The _only_ reason that you're not breaking anything is because you are being
careful and making sure that the data is not actually shared between threads.
You're _still_ circumventing the type system and breaking the guarantee that a
non-shared variable is not shared between threads. _You_ are the one
guaranteeing that the variable is only on one thread, not the compiler. And
when you cast away immutable, _you_ are the one guaranteeing that immutable
data is not being mutated, not the compiler. And in this case, you can make
that guarantee in exactly the same way that you can guarantee that the
variable which was cast to shared and back to be passed across threads isn't
actually shared between threads once it has been passed.
The crucial difference between immutable and shared is, that something
that is immutable will always be immutable, but being shared or not may
change dynamically.
Casting to immutable is a one-way-street, while casting to shared is not.
Casting to immutable does not make the data magically immutable.
Yes it does. That is quite exactly the definition of it.
It makes it
so that the compiler treats it as immutable.
The compiler is irrelevant, the fact that one compiler generates
assembly that behaves as you'd like it to behave does not mean the code
is valid.
Casting from immutable makes it
so that the compiler treats it as mutable. It does not alter whether the data
is actually immutable.
'Actually immutable' means that the variable is never changed. The
language spec says that if an immutable variable is not 'actually
immutable', your program is in error, even if immutability has been
explicitly cast away.
Casting away immutable and altering data is undefined,
because it depends entirely on whether the data is actually immutable or not.
Just to make sure we agree on that: knowing why it is undefined does not
imply there are cases where it is actually defined.
If it isn't, and you don't have any other references to the data (or none of
the other references are immutable), then you don't break _anything_ by
mutating the variable after having cast away immutable.

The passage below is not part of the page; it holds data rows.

Fixpoint Zqn (n q : nat) : list (list Z) :=
  match n with
  | O => [ [] ]
  | S n' => flat_map (fun x => map (cons x) (Zqn n' q)) (Zq q)
  end.

(* U_q: units of Z_q (for q = 1 this is {0}, since gcd(0,1) = 1). *)
Definition in_Uq (q : nat) (a : Z) : Prop :=
  (0 <= a < Z.of_nat q)%Z /\ Z.gcd a (Z.of_nat q) = 1%Z.

Definition dotZ (s t : list Z) : Z :=
  fold_right Z.add 0%Z (map (fun p => (fst p * snd p)%Z) (combine s t)).

(* e(t) = exp(2 pi i t) = cos(2 pi t) + i sin(2 pi t). *)
Definition phase (Q : zpoly) (q : nat) (a : Z) (av s : list Z) : R :=
  2 * PI * (IZR (poly_eval Q s * a + dotZ s av) / INR q).

(* Real and imaginary parts of F_q(a, av) and its modulus. *)
Definition F_re (n : nat) (Q : zpoly) (q : nat) (a : Z) (av : list Z) : R :=
  / (INR q ^ n) * fold_right Rplus 0 (map (fun s => cos (phase Q q a av s)) (Zqn n q)).
Definition F_im (n : nat) (Q : zpoly) (q : nat) (a : Z) (av : list Z) : R :=
  / (INR q ^ n) * fold_right Rplus 0 (map (fun s => sin (phase Q q a av s)) (Zqn n q)).
Definition F_abs (n : nat) (Q : zpoly) (q : nat) (a : Z) (av : list Z) : R :=
  sqrt (F_re n Q q a av ^ 2 + F_im n Q q a av ^ 2).

(* beta belongs to the set whose supremum is alpha_Q. *)
Definition alpha_admissible (n : nat) (Q : zpoly) (beta : R) : Prop :=
  0 <= beta /\
  exists C : R, forall (q : nat) (a : Z) (av : list Z),
    (1 <= q)%nat -> in_Uq q a -> In av (Zqn n q) ->
    Rpower (INR q) beta * F_abs n Q q a av <= C.

(* alpha_Q > c  iff  sup{beta >= 0 : admissible} > c
   iff some admissible beta exceeds c (alpha_Q may be +infinity). *)
Definition alpha_gt (n : nat) (Q : zpoly) (c : R) : Prop :=
  exists beta, c < beta /\ alpha_admissible n Q beta.

Definition V_card (n : nat) (Q : zpoly) (lam : Z) (q : nat) : nat :=
  length (filter (fun s => Z.eqb (Z.modulo (poly_eval Q s - lam) (Z.of_nat q)) 0)
                 (Zqn n q)).

(* Detect the congruence Q(s) = lam (mod q) with additive characters:
     q |V_lam(q)| = sum_(a in Z_q) sum_(s in Z_q^n) cos (2 pi a (Q(s) - lam) / q).
   For each a the inner sum is the real part of a unimodular multiple of
   q^n F_q(a, 0), so it is at most q^n |F_q(a, 0)|.  Writing a/q = a'/d in lowest
   terms (d = q / gcd(a, q), a' a unit mod d) gives F_q(a, 0) = F_d(a', 0), and an
   admissible exponent beta = 2 + eps bounds this by C d^(-beta).  At most d
   residues a have reduced denominator d, so the sum over a is at most
   C sum_(d <= q) d^(-1-eps) <= C (1 + 1/eps), which gives the bound. *)

From Stdlib Require Import Reals ZArith List Lra Lia.
Import ListNotations.
Open Scope R_scope.

Definition sumR {A} (f : A -> R) (l : list A) : R := fold_right Rplus 0 (map f l).

Lemma sumR_nil {A} (f : A -> R) : sumR f [] = 0.
Proof. reflexivity. Qed.

Lemma sumR_cons {A} (f : A -> R) x l : sumR f (x :: l) = f x + sumR f l.
Proof. reflexivity. Qed.

Lemma sumR_app {A} (f : A -> R) l1 l2 : sumR f (l1 ++ l2) = sumR f l1 + sumR f l2.
Proof. induction l1 as [|x l1 IH]; simpl; [unfold sumR; simpl; lra|]. rewrite !sumR_cons, IH; ring. Qed.

Lemma sumR_ext_in {A} (f g : A -> R) l :
  (forall x, In x l -> f x = g x) -> sumR f l = sumR g l.
Proof.
  induction l as [|x l IH]; intros H; [reflexivity|].
  rewrite !sumR_cons, H by (simpl; auto). rewrite IH; [reflexivity|].
  intros; apply H; simpl; auto.
Qed.

Lemma sumR_le_in {A} (f g : A -> R) l :
  (forall x, In x l -> f x <= g x) -> sumR f l <= sumR g l.
Proof.
  induction l as [|x l IH]; intros H; [unfold sumR; simpl; lra|].
  rewrite !sumR_cons.
  assert (f x <= g x) by (apply H; simpl; auto).
  assert (sumR f l <= sumR g l) by (apply IH; intros; apply H; simpl; auto).
  lra.
Qed.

If you believe the spec, you do break validity of your code even if the
variable is not visible from another place after the cast. There is
currently afaik no reason why such code would *have* to be broken, but
that is what the spec says, because it categorically bans changing
variables that were cast from immutable.
With both shared and immutable, casting it away is circumnventing the type
system. In both cases, _you_ must make sure that you code in a way which does
not violate the guarantees that the compiler normally makes about those types.
If you do violate those guarantees (e.g. by sharing non-shared data across
threads or by mutating data which really was immutable), then you have a bug,
and what happens is dependent on the compiler implementation and on your code.
Agreed, and this means what happens is undefined and such code is invalid.
But if you don't violate those guarantees, then your program is fine. It's the
same for both shared and immutable. It's just that the bugs that you're likely
to get when you violate those guarantees are likely to be quite different.
- Jonathan M Davis
Yes, I agree. And in this specific case you do violate the language
guarantees about immutable variables when you change the variable after
casting it back to mutable. Even if it was typed mutable sometime
before, and even if it is the sole reference in the whole program.
Therefore the behavior of the current implementation is undefined under
the current spec, and changing the transfer protocol to use shared
instead of immutable would fix this. (while generating near-identical
assembly output with the current DMD)